По мнению многих, Юз мог бы провести любое из этих мероприятий, если бы сумел заручиться поддержкой большинства членов парламента от лейбористской партии. Но этого он не мог добиться и боялся приблизить срок выборов. Юз был исключен из состава лейбористской партии за то, что упорно проводил политику, против которой возражало большинство ее членов. Это привело к расколу в рядах лейбористской партии и вскоре сделало выборы неизбежными.

Избирательная кампания протекала более или менее спокойно. Было, конечно, несколько бурных митингов, но почти никто не сомневался, что результаты референдума отразятся на выборах. Этого, однако, не произошло: многие члены лейбористской партии потеряли свои места в парламенте, и оппозиция получила перевес. Даже Моррис был несколько озадачен этим, хотя сторонники воинской повинности предавались бурному ликованию. Выборы рассматривались как триумф самого Юза и проводимой им политики «войны до победного конца». Значили ли эти выборы, что население пересмотрело свой взгляд на всеобщую воинскую повинность? Или же выборы лишь подтвердили, что народ Австралии пойдет на все, чтобы выиграть войну, только не на введение воинской повинности? После программной речи Юза стало ясно, что предстоит новый референдум.

Первый референдум поднял немало мути со дна, и кое-какие факты стали достоянием гласности еще до проведения второго референдума.

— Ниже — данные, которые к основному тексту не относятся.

Theorem mainTheorem7
  (R : realType) (G : groupType) (n : nat) (rho : G -> 'M[R[i]]_n)
  (rho_mul : forall g h : G, rho (g * h)%g = rho g *m rho h)
  (rho_one : rho 1%g = 1%:M)
  (rho_unitary : forall g : G, adjM (rho g) *m rho g = 1%:M)
  (I : finType) (E : I -> {vspace 'M[R[i]]_n})
  (E_span : (\sum_(xi : I) E xi)%VS = fullv)
  (E_orth : forall xi r : I, xi != r -> forall X Y : 'M[R[i]]_n,
      X \in E xi -> Y \in E r -> hs X Y = 0)
  (E_irr : forall xi : I, G_irreducible rho (E xi))
  (E_noniso : forall xi r : I, xi != r -> ~ G_isomorphic rho (E xi) (E r))
  (bs : I -> seq 'M[R[i]]_n)
  (bs_onb : forall xi : I, orthonormal_basis (E xi) (bs xi))
  (K : nat) (P : 'M[R[i]]_n)
  (P_herm : adjM P = P) (P_idem : P *m P = P) (P_rank : \rank P = K)
  (S : {set I})
  (P_detects : forall xi : I, xi \in S -> forall X : 'M[R[i]]_n, X \in E xi ->
      exists c : R[i], P *m X *m P = c *: P) :
  exists A B : I -> R,
    (forall xi, real_complex R (A xi) = Aform (bs xi) P P) /\
    (forall xi, real_complex R (B xi) = Bform (bs xi) P P) /\
    (forall xi, 0 <= A xi) /\
    (forall xi, A xi <= K%:R * B xi) /\
    (\sum_(xi : I) A xi = K%:R) /\
    (\sum_(xi : I) B xi = (K ^ 2)%:R) /\
    (forall xi, real_complex R (B xi) =
                \sum_(r : I) MacW E bs xi r * real_complex R (A r)) /\
    (forall xi, xi \in S -> A xi = K%:R * B xi).
Proof.
have A_ge0 xi : 0 <= Aform (bs xi) P P.
  by rewrite (Aform_diag bs_onb) hs_ge0.
have ReA xi := RRe_real (ger0_real (A_ge0 xi)).
have ReB xi := RRe_real (ger0_real (Bform_projector_ge0 P_herm P_idem (bs xi))).
exists (fun xi => complex.Re (Aform (bs xi) P P)),
       (fun xi => complex.Re (Bform (bs xi) P P)).
split=> //; split=> //; do !split.
- by move=> xi; rewrite -lecR ReA rmorph0.
- by move=> xi; rewrite -lecR rmorphM /= rmorph_nat ReA ReB Aform_le_projector.
- apply: complexI; rewrite rmorph_sum /= rmorph_nat; under eq_bigr do rewrite ReA.
  by rewrite (sum_Aform E_span E_orth bs_onb) (hs_projector P_herm P_idem P_rank).
- apply: complexI; rewrite rmorph_sum /= rmorph_nat; under eq_bigr do rewrite ReB.
  rewrite (sum_Bform E_span E_orth bs_onb) (mxtrace_projector P_idem P_rank).
  by rewrite conjC_nat natrX.
- move=> xi; rewrite ReB; under eq_bigr do rewrite ReA.
  exact: (Bform_MacW E_span E_orth bs_onb rho_mul rho_one rho_unitary E_irr E_noniso).
move=> xi Sxi; apply: complexI; rewrite rmorphM /= rmorph_nat ReA ReB.
apply: Aform_projector_detect => // F /(onb_mem (bs_onb xi)).
exact: P_detects.
Qed.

Разоблачение мальтийской авантюры сильно повлияло на обитателей приисков и заставило многих вторично голосовать против введения воинской повинности. Всем было известно, что еще до первого референдума сотни безработных бродили по стране в поисках заработка. Мистера Юза обвиняли в том, что он выписал в Австралию большую партию мальтийцев, которых предполагалось использовать на строительстве трансконтинентальной железной дороги. Он отрицал это. Но после референдума правда все же просочилась наружу. Французский пароход «Ганже» уже подходил к западному побережью Австралии, имея на борту двести сорок мальтийцев, когда французскому консулу в Сиднее поручили предупредить капитана судна, чтобы он не заходил ни в один из портов западного побережья. Капитан получил указание запастись углем в Аделаиде и поставить судно в карантин; распустив слух, что судно направляется в Нумею, он должен был сбавить ход и прибыть в Мельбурн не раньше, чем через два дня после голосования. У Тома имелись копии соответствующих телеграмм.

Результаты голосования в армии долго держались в тайне; на этом основании широко распространилось мнение, что данные были «подправлены» с тем, чтобы сторонники всеобщей воинской повинности оказались в большинстве.

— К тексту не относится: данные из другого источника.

Lemma exp_le_mono (x z : R) : x <= z -> exp x <= exp z.
Proof. intros [H| ->]; [left; apply exp_increasing; exact H| lra]. Qed.

Lemma exp_tail_eventually_small (C c beta : R) :
  0 < C -> 0 < c -> 0 < beta ->
  exists T, 0 <= T /\ forall t, T <= t -> C / c * exp (- c * t) <= beta.
Proof.
  intros HC Hc Hb.
  exists (C / (c * c * beta)). split.
  { apply Rlt_le, Rdiv_lt_0_compat; [lra|]. apply Rmult_lt_0_compat; nra. }
  intros t Ht.
  (* e^(ct) >= ct >= C / (c beta) *)
  assert (Hct : C / (c * beta) <= c * t).
  { replace (C / (c * beta)) with (c * (C / (c * c * beta))) by (field; lra).
    apply Rmult_le_compat_l; lra. }
  pose proof (exp_ineq1_le (c * t)) as Hexp.
  rewrite Ropp_mult_distr_l_reverse, exp_Ropp.
  pose proof (exp_pos (c * t)).
  replace (C / c * / exp (c * t)) with ((C / (c * beta)) * beta / exp (c * t)) by (field; lra).
  apply Rle_trans with (exp (c * t) * beta / exp (c * t)); [|right; field; lra].
  unfold Rdiv. apply Rmult_le_compat_r; [left; apply Rinv_0_lt_compat; lra|].
  apply Rmult_le_compat_r; lra.
Qed.

Lemma exp_bound_from_eventual (g : R -> R) (A B delta t1 : R) :
  0 < A -> 0 <= B -> 0 < delta ->
  (forall t, t1 <= t -> Rabs (g t) <= A * exp (- delta * t)) ->
  (forall t, 0 <= t <= t1 -> Rabs (g t) <= B) ->
  exists C', 0 < C' /\ forall t, 0 <= t -> Rabs (g t) <= C' * exp (- delta * t).
Proof.
  intros HA HB Hd Hlate Hearly.
  pose proof (Rmax_l A (B * exp (delta * t1))). pose proof (Rmax_r A (B * exp (delta * t1))).
  set (C' := Rmax A (B * exp (delta * t1))) in *.
  exists C'. split; [lra|].
  intros t Ht. pose proof (exp_pos (- delta * t)).
  destruct (Rle_or_lt t1 t) as [Hlt|Hlt].
  - pose proof (Hlate t Hlt). nra.
  - (* on [0, t1]: B <= B e^(delta t1) e^(-delta t) *)
    pose proof (Hearly t ltac:(lra)).
    assert (1 <= exp (delta * t1) * exp (- delta * t)).
    { rewrite <- exp_plus. pose proof (exp_ineq1_le (delta * t1 + - delta * t)). nra. }
    nra.
Qed.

В течение месяцев, предшествовавших второму референдуму, чрезвычайно усилились строгости цензуры. Преследования и оскорбления тех, кто выступал против воинской повинности, приняли угрожающие размеры.

«К оружию, капиталисты, священники, политические деятели, издатели газет и прочие патриоты тыла! Вы нужны стране не в тылу, а в окопах! Рабочие, следуйте примеру своих хозяев!»

Читая подобные плакаты, многие усмехались, не придавая им, однако, большого значения.

Каково же было всеобщее изумление, когда выяснилось, что автор плаката арестован и приговорен к пятнадцати месяцам тюремного заключения.

Вскоре в Сиднее было арестовано двенадцать членов ИРМ и суд приговорил их к тюремному заключению сроком от десяти до пятнадцати лет, а организация «Индустриальные рабочие мира» была объявлена вне закона. Затем на Западе десять человек были обвинены в том, что вместе с этими членами ИРМ они замышляли «вызвать возмущение и недовольство среди подданных его величества короля».

Среди обвиняемых были Монти Миллер и Майк Соутел. Салли знала обоих. Монти – восьмидесятичетырехлетний старик, седовласый борец за права трудящихся, держался с не меньшим достоинством и учтивостью, чем какой-нибудь английский аристократ. Он и Динни были старые приятели. Монти нередко сиживал у Гаугов на веранде, излагая свои взгляды на социализм и профсоюзное движение или декламируя сильным, звучным голосом отрывки из Эмерсона и трагедий Шекспира. Восемнадцатилетним юношей он был в рядах борцов «Эврики», и Салли не раз слышала от него об исторической борьбе горняков Балларата за свои права. Майк же был лишь на несколько лет старше Тома, и они дружили. Этот рыжеволосый юноша, полный пламенных идеалов, горячий сторонник «эмансипации рабочего класса», по словам Тома, довольно смутно представлял себе практическую сторону дела. Но Салли любила слушать, как Майк рассказывает Тому о прочитанных книгах. Он очень любил стихи и даже подарил Тому стихотворение молодого австралийского поэта Фернли Мориса под названием «Молитва измученных народов». Салли вспоминался голос Майка, страстно декламировавшего в вечерней тишине:

 
Мечтатель ждет… Безмолвствует душа
Перед безумьем этих мрачных дней.
И разве может мир хоть робкий сделать шаг
Без ведома недремлющих властей?
Всевышний! Мало их, подвижников святых,
Кто труд и сердце отдал для людей.
Коль уготовил плаху ты для них,
Грядущее спаси от палачей!
 

Салли запомнились эти стихи. Они преследовали ее; строка за строкой они снова и снова всплывали в ее мозгу, пока она хлопотала по хозяйству, мучимая тревожными мыслями о Дике, о войне, о референдуме.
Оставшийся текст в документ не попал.